The Solution: Turning Off the Turbo

The researchers tested a simple idea: What if we turn off the turbo (PI3K) while leaving the gas pedal (MAPK) alone?

  • Result: When they blocked the PI3K pathway, the "HRAS" cells calmed down. The traffic jams disappeared, and the DNA stopped breaking.
  • Conversely: When they artificially turned on the turbo in cells that only had the "KRAS" gas pedal, suddenly those cells started crashing too!

Why This Matters for Patients

This is a game-changer for understanding cancer.

  1. Not all RAS cancers are the same: A patient with an HRAS mutation might have a much more aggressive cancer with more DNA damage than a patient with a KRAS mutation, simply because HRAS turns on the "turbo" harder.
  2. New Treatment Targets: Many cancer drugs target the "gas pedal" (MAPK inhibitors). But this paper suggests that for some cancers, we also need to turn off the "turbo" (PI3K inhibitors).
  3. The "Double Trouble" Warning: The study looked at real cancer data and found that patients who have both a RAS mutation AND a PI3K mutation have the most chaotic factories of all.
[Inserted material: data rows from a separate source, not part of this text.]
(* Consider the problem $\min\{F(x,z): x\in\operatorname{conv}(X),\ z\in Z\}$ where $F:\mathbb{R}^n\times\mathbb{R}^q\to\mathbb{R}$ is convex and continuously differentiable, $X\subset\mathbb{R}^n$ is nonempty and compact (so $\operatorname{conv}(X)$ is convex and compact), $Z\subseteq\mathbb{R}^q$ is nonempty, closed and convex, and for each $x\in\operatorname{conv}(X)$ the map $z\mapsto F(x,z)$ is inf-compact on $Z$. Fix an integer $t_{\max}\ge1$. Let $x^0\in\operatorname{conv}(X)$, $z^0\in\arg\min_{z\in Z}F(x^0,z)$, and $D^0\subseteq\operatorname{conv}(X)$ be a nonempty closed convex set. For $k=0,1,2,\dots$ perform one SDM-GS iteration: set $(\tilde x,\tilde z)=(x^k,z^k)$; for $t=1,\dots,t_{\max}$ let $\tilde x\in\arg\min\{F(x,\tilde z): x\in D^k\}$ and then $\tilde z\in\arg\min\{F(\tilde x,z): z\in Z\}$; set $(x^{k+1},z^{k+1})=(\tilde x,\tilde z)$; choose $\hat x^{k+1}\in\arg\min\{\nabla_x F(x^{k+1},z^{k+1})(x-x^{k+1}): x\in X\}$; and let $D^{k+1}$ be any closed convex set with $\{x^{k+1}+\alpha(\hat x^{k+1}-x^{k+1}):\alpha\in[0,1]\}\subseteq D^{k+1}\subseteq\operatorname{conv}(X)$. Then the sequence $\{(x^k,z^k)\}$ has limit points, and every limit point $(\bar x,\bar z)$ is an optimal solution of $\min\{F(x,z): x\in\operatorname{conv}(X),\ z\in Z\}$.
   Context: A function $z\mapsto g(z)$ is inf-compact on $Z$ if for every $\ell\in\mathbb{R}$ the set $\{z\in Z: g(z)\le\ell\}$ is compact. $\nabla_x F(x,z)$ denotes the partial gradient with respect to $x$, viewed as a row vector. *)

From Stdlib Require Import Reals Lra List.
From Stdlib Require Fin.
Open Scope R_scope.

Definition vec (n : nat) := Fin.t n -> R.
They have the highest levels of DNA damage. These patients might need a combination therapy: hitting both the gas and the turbo.

The Bottom Line

Cancer isn't just about driving fast; it's about how the car is built. This paper reveals that the PI3K-AKT pathway is the secret ingredient that turns a fast car into a wrecking ball. By understanding this, doctors can better predict which cancers will be dangerous and choose the right combination of drugs to stop the crash before it happens.